Site Reliability Engineering (SRE) at CircleCI
The CircleCI SRE team is responsible for the effective operation of our platform at scale.
This team provides all of the shared services and infrastructure required by CircleCI's software, from deployment and orchestration to monitoring and logging.
The SRE team also aims to provide a consistent environment in which this software can run regardless of whether it is operating in CircleCI's multi-cloud SaaS environment or in the datacenter of one of our enterprise customers.
The SRE team meets these objectives by delivering automation and tooling to ensure that processes are scalable and reliable.
The CircleCI SRE team is globally distributed and remote-friendly.
We take advantage of multiple timezones to manage a platform for our global customer base.
What will make you successful:
Experience managing a container-based microservice architecture, including orchestration, service-discovery, monitoring, and debugging
Understanding of standard networking protocols and components such as: TCP/IP, HTTP, DNS, ICMP, the OSI Model, Subnetting, and Load Balancing
In-depth knowledge of operating systems (processes, threads, IPC, concurrency, locks, mutexes, semaphores, etc.)
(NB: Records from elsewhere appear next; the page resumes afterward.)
(* Let $K$ be a finite field and $n>1$. A $K$-linear code $\mathcal{C}\subseteq K^n$ is a quasi-$G$ code (of some index) for some nontrivial finite group $G$ if and only if it is a quasi-cyclic code, i.e. a quasi-$C$ code for some nontrivial finite cyclic group $C$. In other words, the class of quasi group codes of length $n>1$ with respect to nontrivial groups coincides with the class of quasi-cyclic codes of length $n>1$.
   Context: For a finite group $G$, a quasi-$G$ code of index $\ell$ is a $K$-linear code in $K^{\ell|G|}$ which, under some identification of the coordinate set with $\{1,\ldots,\ell\}\times G$ (equivalently, of $K^{\ell|G|}$ with $KG^\ell=KG\oplus\cdots\oplus KG$, each $KG$ identified with $K^{|G|}$ via $\sum_i a_ig_i\mapsto(a_i)_i$), is a right $KG$-submodule of $KG^\ell$. A quasi-cyclic code of index $\ell$ is a quasi-$G$ code of index $\ell$ with $G$ cyclic. *)

From HB Require Import structures.
From mathcomp Require Import all_boot all_order all_algebra all_fingroup all_solvable all_field.
Set Implicit Arguments. Unset Strict Implicit. Unset Printing Implicit Defensive.
Import GRing.Theory.
Local Open Scope ring_scope.

(* C is a quasi-G code of index l (G = the whole finite group gT) if there is
   a bijection f : {1..l} x G -> {1..n} of coordinates (identifying K^n with
   KG^l, the coordinate (i,h) being the coefficient of h in the i-th KG
   component) such that C is a right KG-submodule, i.e. (being already a
   K-subspace) stable under right multiplication by every g in G:
   (sum_h a_{i,h} h) g = sum_h a_{i,h g^-1} h. *)
Definition quasi_group_code_of_index (K : fieldType) (n : nat)
    (gT : finGroupType) (l : nat) (C : {vspace 'rV[K]_n}) : Prop :=
  exists f : 'I_l * gT -> 'I_n,
    bijective f /\
    forall v : 'rV[K]_n, v \in C -> forall g : gT,
      exists2 w : 'rV[K]_n, w \in C &
        forall (i : 'I_l) (h : gT), w 0 (f (i, h)) = v 0 (f (i, (h * g^-1)%g)).

Definition quasi_group_code (K : fieldType) (n : nat)
    (gT : finGroupType) (C : {vspace 'rV[K]_n}) : Prop :=
  exists l : nat, quasi_group_code_of_index gT l C.

(* If C is stable under right translation by the whole group G, it is a
   fortiori stable under right translation by any subgroup H. Writing every
   g in G uniquely as r h, with r a fixed representative of the left coset
   g H and h in H, turns the coordinate set {1..l} x G into
   ({1..l} x reps) x H, so C is a quasi-H code of index l [G : H]. Taking
   H = <[x]> for some x <> 1 gives a nontrivial cyclic group. *)
From HB Require Import structures.
From mathcomp Require Import all_boot all_order all_algebra all_fingroup all_solvable all_field.
Set Implicit Arguments.
Unset Strict Implicit.
Local Open Scope group_scope.

Section LeftCosetDecomposition.
Variables (gT : finGroupType) (H : {group gT}).

Definition lcoset_repr := {r : gT | r == repr (r *: H)}.

Definition lcoset_repr_mul (p : lcoset_repr * subg_of H) : gT :=
  val p.1 * sgval p.2.

Lemma repr_lcoset_mem (g : gT) : repr (g *: H) \in g *: H.
Proof. exact/mem_repr/lcoset_refl. Qed.

Lemma repr_lcoset_repr (g : gT) : repr (g *: H) == repr (repr (g *: H) *: H).
Proof. by rewrite (lcoset_eqP (repr_lcoset_mem g)). Qed.

Lemma repr_lcoset_divg (g : gT) : (repr (g *: H))^-1 * g \in H.
Proof.
have := repr_lcoset_mem g; rewrite mem_lcoset => Hg.
by rewrite -[X in X \in _]invgK invMg invgK groupV.
Qed.

Definition lcoset_repr_split (g : gT) : lcoset_repr * subg_of H :=
  (exist _ (repr (g *: H)) (repr_lcoset_repr g),
   subg H ((repr (g *: H))^-1 * g)).

Lemma lcoset_repr_mulK : cancel lcoset_repr_mul lcoset_repr_split.
Proof.
move=> [[r r_repr] h]; rewrite /lcoset_repr_mul /lcoset_repr_split /=.
have rhH : (r * sgval h) *: H = r *: H.
  by apply/lcoset_eqP; rewrite mem_lcoset mulKg subgP.
have repr_rh : repr ((r * sgval h) *: H) = r by rewrite rhH -(eqP r_repr).
congr (_, _); apply: val_inj; rewrite /= repr_rh //.
by rewrite mulKg subgK ?subgP.
Qed.

Lemma lcoset_repr_splitK : cancel lcoset_repr_split lcoset_repr_mul.
Proof.
by move=> g; rewrite /lcoset_repr_mul /= subgK ?repr_lcoset_divg ?mulKVg.
Qed.

End LeftCosetDecomposition.

Lemma quasi_group_code_subg (K : fieldType) (n : nat) (gT : finGroupType)
    (H : {group gT}) (C : {vspace 'rV[K]_n}) :
  quasi_group_code gT C -> quasi_group_code (subg_of H) C.
Proof.
move=> [l [f [f_bij f_transl]]].
pose I : finType := ('I_l * lcoset_repr H)%type.
pose regroup (p : 'I_#|I| * subg_of H) :=
  ((enum_val p.1).1, lcoset_repr_mul ((enum_val p.1).2, p.2)).
exists #|I|, (f \o regroup); split.
  apply: (bij_comp f_bij).
  pose split_index (q : 'I_l * gT) :=
    (enum_rank (q.1, (lcoset_repr_split H q.2).1), (lcoset_repr_split H q.2).2).
  exists split_index => [[i h] | [i g]]; rewrite /regroup /split_index.
    by rewrite lcoset_repr_mulK /= -surjective_pairing enum_valK.
  by rewrite enum_rankK -surjective_pairing lcoset_repr_splitK.
move=> v vC h.
have [w wC w_transl] := f_transl v vC (sgval h).
by exists w => // i k; rewrite /= w_transl /lcoset_repr_mul /= -mulgA.
Qed.

Lemma nontrivial_cyclic_subg (gT : finGroupType) :
  1 < #|gT| -> exists x : gT, 1 < #|subg_of <[x]>| /\ cyclic [set: subg_of <[x]>].
Proof.
move=> gT_gt1.
have : [set: gT] :!=: 1 by rewrite -cardG_gt1 cardsT.
case/trivgPn => x _ x_neq1; exists x.
rewrite -(isog_cyclic (isog_subg <[x]>%G)) cycle_cyclic; split=> //.
by rewrite -cardsT -(card_isog (isog_subg <[x]>%G)) (order_gt1 x).
Qed.

Theorem mainTheorem3 (K : finFieldType) (n : nat) (C : {vspace 'rV[K]_n}) :
  1 < n ->
  ((exists gT : finGroupType, 1 < #|gT| /\ quasi_group_code gT C) <->
   (exists gT : finGroupType,
       [/\ 1 < #|gT|, cyclic [set: gT] & quasi_group_code gT C])).
Proof.
move=> _; split=> [[gT [gT_gt1 C_quasi]] | [gT [gT_gt1 _ C_quasi]]]; last by exists gT.
have [x [x_gt1 x_cyclic]] := nontrivial_cyclic_subg gT_gt1.
by exists (subg_of <[x]>); split=> //; apply: quasi_group_code_subg.
Qed.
Proficiency in one or more of: C, C++, Java, Python, Go
Experience managing large-scale database systems in a cloud environment
Systematic problem solving approach, coupled with a strong sense of ownership and drive
Track-record of working cooperatively with software engineering teams
Focus on security in the delivery of all levels of a system
Strong preference for shipping incrementally with an understanding of the fundamentals of CI/CD
Desire to learn and grow
What you will do:
Design and deliver solutions to improve the availability, scalability, latency, and efficiency of CircleCI’s services
Engage in service capacity planning and demand forecasting, anticipating performance bottlenecks
Diagnose and resolve production issues in conjunction with software engineering team
Architect and implement shared infrastructure used by all services within the CircleCI platform, for both SaaS and on-prem configurations
Support and advise software engineering teams in the design of scalable services
Build and maintain tools for deployment, monitoring, and debugging
Plan and execute disaster recovery drills
Participate in rotating on-call duties, including incident management
If you’re interested in joining the team at CircleCI, please send a resumé and let us know why you’d be a great fit for our team.
If you contribute to an open source project, write a blog, or have a presence on the web (Twitter, GitHub, LinkedIn, etc.) we would love to hear about it.
CircleCI is a Bay Area Best Places to Work 2016 award winner.
Founded in 2011 and headquartered in beautiful downtown San Francisco with a global remote workforce, CircleCI is venture backed by Scale Venture Partners, DFJ, Baseline Ventures and Harrison Metal Capital.
We care deeply about diversity and inclusivity.
We’re hiring at all experience levels, and seek talented teammates from a wide variety of backgrounds and experiences who are equally committed to cultivating a work environment of respect and kindness.
We carefully consider every applicant that takes the time to apply.